= EXERCISE DIRECTIONS =
In the listing below, find the line that contains "(Ja2 n k0 k1 k2) /\" and the line that contains "assert (hJ1 : constant_of_motion". Quote both and every line between them, exactly, and nothing more.

= PROVIDED MATERIAL =
Lemma exists_nonzero_near_of_second_difference (g : R -> R) p eps : 0 < eps ->
  g (p + 2 * (eps / 3)) - 2 * g (p + eps / 3) + g p <> 0 ->
  exists p', Rabs (p' - p) < eps /\ g p' <> 0.
Proof.
  intros heps hdiff.
  destruct (Req_dec (g p) 0) as [h0 | h0].
  2: { exists p; rewrite Rminus_eq_0, Rabs_R0; auto. }
  destruct (Req_dec (g (p + eps / 3)) 0) as [h1 | h1].
  - exists (p + 2 * (eps / 3)).
    replace (p + 2 * (eps / 3) - p) with (2 * (eps / 3)) by ring.
    rewrite Rabs_pos_eq by lra; split; [ lra | ].
    intro h2; apply hdiff; rewrite h0, h1, h2; ring.
  - exists (p + eps / 3).
    replace (p + eps / 3 - p) with (eps / 3) by ring.
    rewrite Rabs_pos_eq by lra; split; [ lra | exact h1 ].
Qed.

Lemma minor3_Ja_nonzero_near n k0 k1 k2 r f pr pf eps :
  n <> 1 -> Defs.domain n r f pr pf -> 0 < eps ->
  exists pr' pf', Rabs (pr' - pr) < eps /\ Rabs (pf' - pf) < eps /\
    minor3 (Ja1 n k0 k1 k2) (Ja2 n k0 k1 k2) (Ja3 n k0 k1 k2) r f pr' pf' <> 0.
Proof.
  intros hn [hr hcs] heps.
  destruct (exists_nonzero_near pf eps heps) as (pf' & hpf & hpf0).
  destruct (exists_nonzero_near_of_second_difference
              (fun p => minor_r_pr (Ja1 n k0 k1 k2) (Ja2 n k0 k1 k2) r f p pf') pr eps heps)
    as (pr' & hpr & hminor).
  { rewrite minor_r_pr_Ja_second_difference by assumption.
    destruct (Rmult_neq_0_reg _ _ hcs) as [hc hs].
    assert (hkn : kn n <> 0) by (unfold kn; lra).
    unfold Rdiv; repeat apply Rmult_integral_contrapositive_currified;
      try apply Rinv_neq_0_compat; try apply pow_nonzero;
      try apply Rpower_neq_0; (assumption || lra). }
  exists pr', pf'; split; [ assumption | split; [ assumption | ] ].
  rewrite minor3_Ja by assumption.
  apply Rmult_integral_contrapositive_currified; [ lra | exact hminor ].
Qed.

Theorem mainTheorem2 (n k0 k1 k2 : R) (hn : n <> 1) :
  constant_of_motion n (Hna n k0 k1 k2) (Ja1 n k0 k1 k2) /\
  constant_of_motion n (Hna n k0 k1 k2) (Ja2 n k0 k1 k2) /\
  constant_of_motion n (Hna n k0 k1 k2) (Ja3 n k0 k1 k2) /\
  functionally_independent3 n (Ja1 n k0 k1 k2) (Ja2 n k0 k1 k2) (Ja3 n k0 k1 k2) /\
  superintegrable n (Hna n k0 k1 k2).
Proof.
  assert (hJ1 : constant_of_motion n (Hna n k0 k1 k2) (Ja1 n k0 k1 k2))
    by (intros r f pr pf [hr hcs]; now apply poisson_Ja1_Hna).
  assert (hJ2 : constant_of_motion n (Hna n k0 k1 k2) (Ja2 n k0 k1 k2))
    by (intros r f pr pf [hr hcs]; now apply poisson_Ja2_Hna).
  assert (hJ3 : constant_of_motion n (Hna n k0 k1 k2) (Ja3 n k0 k1 k2))
    by (intros r f pr pf [hr hcs]; now apply poisson_Ja3_Hna).
  assert (hindep : functionally_independent3 n (Ja1 n k0 k1 k2) (Ja2 n k0 k1 k2) (Ja3 n k0 k1 k2)).
  { apply functionally_independent3_of_minor3; intros.
    now apply minor3_Ja_nonzero_near. }
  refine (conj hJ1 (conj hJ2 (conj hJ3 (conj hindep _)))).
  exists (Ja1 n k0 k1 k2), (Ja3 n k0 k1 k2); split; [ exact hJ1 | split; [ exact hJ3 | ] ].
  apply functionally_independent3_of_minor3; intros r f pr pf hd eps heps.
  destruct (minor3_Ja_nonzero_near n k0 k1 k2 r f pr pf eps hn hd heps)
    as (pr' & pf' & hpr & hpf & hminor).
  exists pr', pf'; split; [ assumption | split; [ assumption | ] ].
  destruct hd as [hr hcs]; rewrite minor3_Hna_Ja1_Ja3 by assumption.
  intro h; apply hminor; lra.
Qed.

= WORKED SOLUTION =
  constant_of_motion n (Hna n k0 k1 k2) (Ja2 n k0 k1 k2) /\
  constant_of_motion n (Hna n k0 k1 k2) (Ja3 n k0 k1 k2) /\
  functionally_independent3 n (Ja1 n k0 k1 k2) (Ja2 n k0 k1 k2) (Ja3 n k0 k1 k2) /\
  superintegrable n (Hna n k0 k1 k2).
Proof.
  assert (hJ1 : constant_of_motion n (Hna n k0 k1 k2) (Ja1 n k0 k1 k2))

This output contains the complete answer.